The conference is up and running, and so far feedback seems good! Not as good as Cancun, though.

Making Moves

Another Salesforce bigwig is leaving the company. This time it's Greg Schott, an executive VP at Salesforce and former CEO of MuleSoft. Salesforce bought MuleSoft in March of 2018, so this may not be accidental timing.

Chris O'Neill, a former Google exec and Evernote CEO, is now a partner at Portag3 Ventures, helping the firm get established in the U.S.
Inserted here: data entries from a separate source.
(* Let $X$ be a real Banach space and $D\subset X$ dense. Then: (1) $X$ is LOH if and only if for every $\varepsilon>0$ and $x\in D$ there exists $y\in D$ with $\|y\|\ne0$, $\big\|\|y\|x-\|x\|y\big\|>\|y\|(2\|x\|-\varepsilon)$ and $\big\|\|y\|x+\|x\|y\big\|>\|y\|(2\|x\|-\varepsilon)$; (2) $X$ is OH if and only if for every $\varepsilon>0$, $n\in\mathbb{N}$ and $x=(x_1,\dots,x_n)\in D^n$ there exists $y\in D$ with $\|y\|\ne0$ and $\big\|\|y\|x_i+\|x_i\|y\big\|>\|y\|(2\|x_i\|-\varepsilon)$ for all $i=1,\dots,n$.
   Context: $X$ is locally octahedral (LOH) if for every $\varepsilon>0$ and $x\in X$ there is $y\in S_X$ with $\|tx+y\|\ge(1-\varepsilon)(|t|\|x\|+\|y\|)$ for all $t\in\mathbb{R}$. $X$ is octahedral (OH) if for every finite-dimensional subspace $E\subset X$ and $\varepsilon>0$ there is $y\in S_X$ with $\|x+y\|\ge(1-\varepsilon)(\|x\|+\|y\|)$ for all $x\in E$. *)

From HB Require Import structures.
From mathcomp Require Import all_boot all_order all_algebra.
From mathcomp Require Import all_classical all_reals all_analysis.
Set Implicit Arguments. Unset Strict Implicit. Unset Printing Implicit Defensive.
Import Order.TTheory GRing.Theory Num.Theory.
Import numFieldNormedType.Exports.
Local Open Scope classical_set_scope.
Local Open Scope ring_scope.

(* Linear span of a finite family v_1..v_n: the finite-dimensional
   subspaces of X are exactly such spans. *)
Definition finspan (R : realType) (X : normedModType R) (n : nat)
  (v : 'I_n -> X) : set X :=
  [set x | exists c : 'I_n -> R, x = \sum_(i < n) c i *: v i].

Definition LOH (R : realType) (X : normedModType R) : Prop :=
  forall (eps : R) (x : X), 0 < eps ->
    exists y : X, `|y| = 1 /\
      forall t : R, `|t *: x + y| >= (1 - eps) * (`|t| * `|x| + `|y|).

Definition OH (R : realType) (X : normedModType R) : Prop :=
  forall (n : nat) (v : 'I_n -> X) (eps : R), 0 < eps ->
    exists y : X, `|y| = 1 /\
      forall x : X, finspan v x -> `|x + y| >= (1 - eps) * (`|x| + `|y|).

From HB Require Import structures.
From mathcomp Require Import all_boot all_order all_algebra.
From mathcomp Require Import all_classical all_reals all_analysis.
From mathcomp Require Import finmap lra.
Import Order.TTheory GRing.Theory Num.Theory.
Import numFieldNormedType.Exports.
Local Open Scope classical_set_scope.
Local Open Scope ring_scope.
Set Implicit Arguments. Unset Strict Implicit. Unset Printing Implicit Defensive.

(* For a unit vector w put oct_defect x w := 2|x| - |x + |x| w|, which lies in
   [0, 2|x|]; the conditions of the statement say exactly that
   oct_defect (+-x) (y/|y|) < eps.  A small defect d at a unit vector a already
   gives |s a + w| >= (1 - d)(s + 1) for all s >= 0 (triangle inequality on
   either side of s = 1), so LOH at x amounts to small defects at x and -x, and
   OH to small defects on the unit sphere of a finite span.  The defect is
   4-Lipschitz in x and |x|-Lipschitz in w, so x and w can both be moved to
   nearby points of D.  For OH, the unit sphere of a finite span is compact,
   hence covered by finitely many small balls centred in D, and the condition
   for that finite family of points of D suffices. *)

Section Defect.
Variables (R : realFieldType) (X : normedModType R).
Implicit Types (x z a w : X) (eps : R).

Definition oct_defect x w : R := 2 * `|x| - `|x + `|x| *: w|.

Lemma oct_defectZ (c : R) x w : 0 <= c ->
  oct_defect (c *: x) w = c * oct_defect x w.
Proof.
move=> c0; rewrite /oct_defect normrZ ger0_norm // -scalerA -scalerDr normrZ.
by rewrite ger0_norm // mulrBr mulrCA.
Qed.

Lemma oct_defect0 w : oct_defect 0 w = 0.
Proof. by rewrite /oct_defect normr0 mulr0 scale0r addr0 normr0 subrr. Qed.

Lemma oct_defect_normalize z w :
  oct_defect z w = `|z| * oct_defect (`|z|^-1 *: z) w.
Proof.
have [->|z0] := eqVneq z 0; first by rewrite oct_defect0 normr0 mul0r.
by rewrite -oct_defectZ ?scalerA ?mulfV ?scale1r ?normr_eq0.
Qed.

Lemma oct_defect_unit a w : `|a| = 1 -> oct_defect a w = 2 - `|a + w|.
Proof. by move=> a1; rewrite /oct_defect a1 mulr1 scale1r. Qed.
From Protocol: Dozens of former FTC lawyers now dot the org charts of big tech companies. In many cases, the same big tech companies the FTC is investigating on a number of fronts. Protocol's Adam Janofksy and Matt Drange dug into the revolving door between an industry and its regulator.

Coming Up This Week

Not much! On the earnings calendar, Slack, Adobe, Oracle all report results in the midst of what's looking like another rough week for the market. Otherwise everyone's just going to be home pirating "Contagion."

In Other News

  • Today in coronavirus: Protocol is working from home this week. Social media companies are trying to keep up with the conspiracy theories — and losing badly. Uber and Lyft promised compensation for drivers who are diagnosed. Esports events are being canceled. Mayor de Blasio told all New Yorkers to work from home if possible. Box is enacting contingency plans to make sure it's stable – and encouraging employees to work from home. Stanford canceled in-person classes for at least the next two weeks. Facebook and other big tech companies pledged to pay hourly workers and vendors even with business slowing. Cisco closed one of its Silicon Valley buildings after an employee there was exposed. EBay banned sales of masks and hand sanitizer. Facebook moved all its job interviews to video conferencing. Salesforce asked its California employees to work from home. SXSW is really, shockingly … canceled.
  • Amazon is going to start selling its automated checkout tech to other retailers. Reuters reports that Amazon has already lined up licensees for the technology. Interestingly, Reuters says user accounts will persist across different retailers, raising questions about how much of the customer relationship Amazon will control.
  • Speaking of Amazon, a Federal Claims court judge found that it is "likely to succeed" in its fight to re-litigate the JEDI contract.
  • A couple of developers built a site called No Dumb Interviews, ranking tech companies by their interview process. Among the criteria: How many questions about algorithms? How does the company feel about working from home and personal projects? It's a wildly unscientific, but really interesting, look into the process.
  • Australia is suing Facebook over Cambridge Analytica. The country's information commissioner says Facebook violated national privacy law by using data for purposes other than the ones for which they were collected.
  • People on Twitch are streaming themselves sleeping, and making money in the process. And they're doing the same on TikTok. Talk about a dream job! (Nailed it.)
  • Government-backed hacking groups have been exploiting the same vulnerability in Microsoft Exchange, ZDNet said. The flaw was identified and fixed weeks ago, but now hackers are searching for servers that haven't been updated. Getting in gives them access to an entire email server.

One More Thing

A fortune for a failed game console

A few weeks ago, I told you about the hottest thing in super-old, never-released, kinda-fake-seeming gaming console auctions: the heated battle over a Nintendo PlayStation. Palmer Luckey was extremely interested. Well, the auction ended, and Luckey lost. The winner? Greg McLemore, the founder of Pets.com and Toys.com, who dropped a cool $360,000 to win the console. McLemore is apparently a longtime collector of old gaming gear, and is thinking about a permanent home for the console where others can see it. And not, I'm guessing, play it.

How does Mr. Luckey feel, you're wondering? He's moved onto other topics.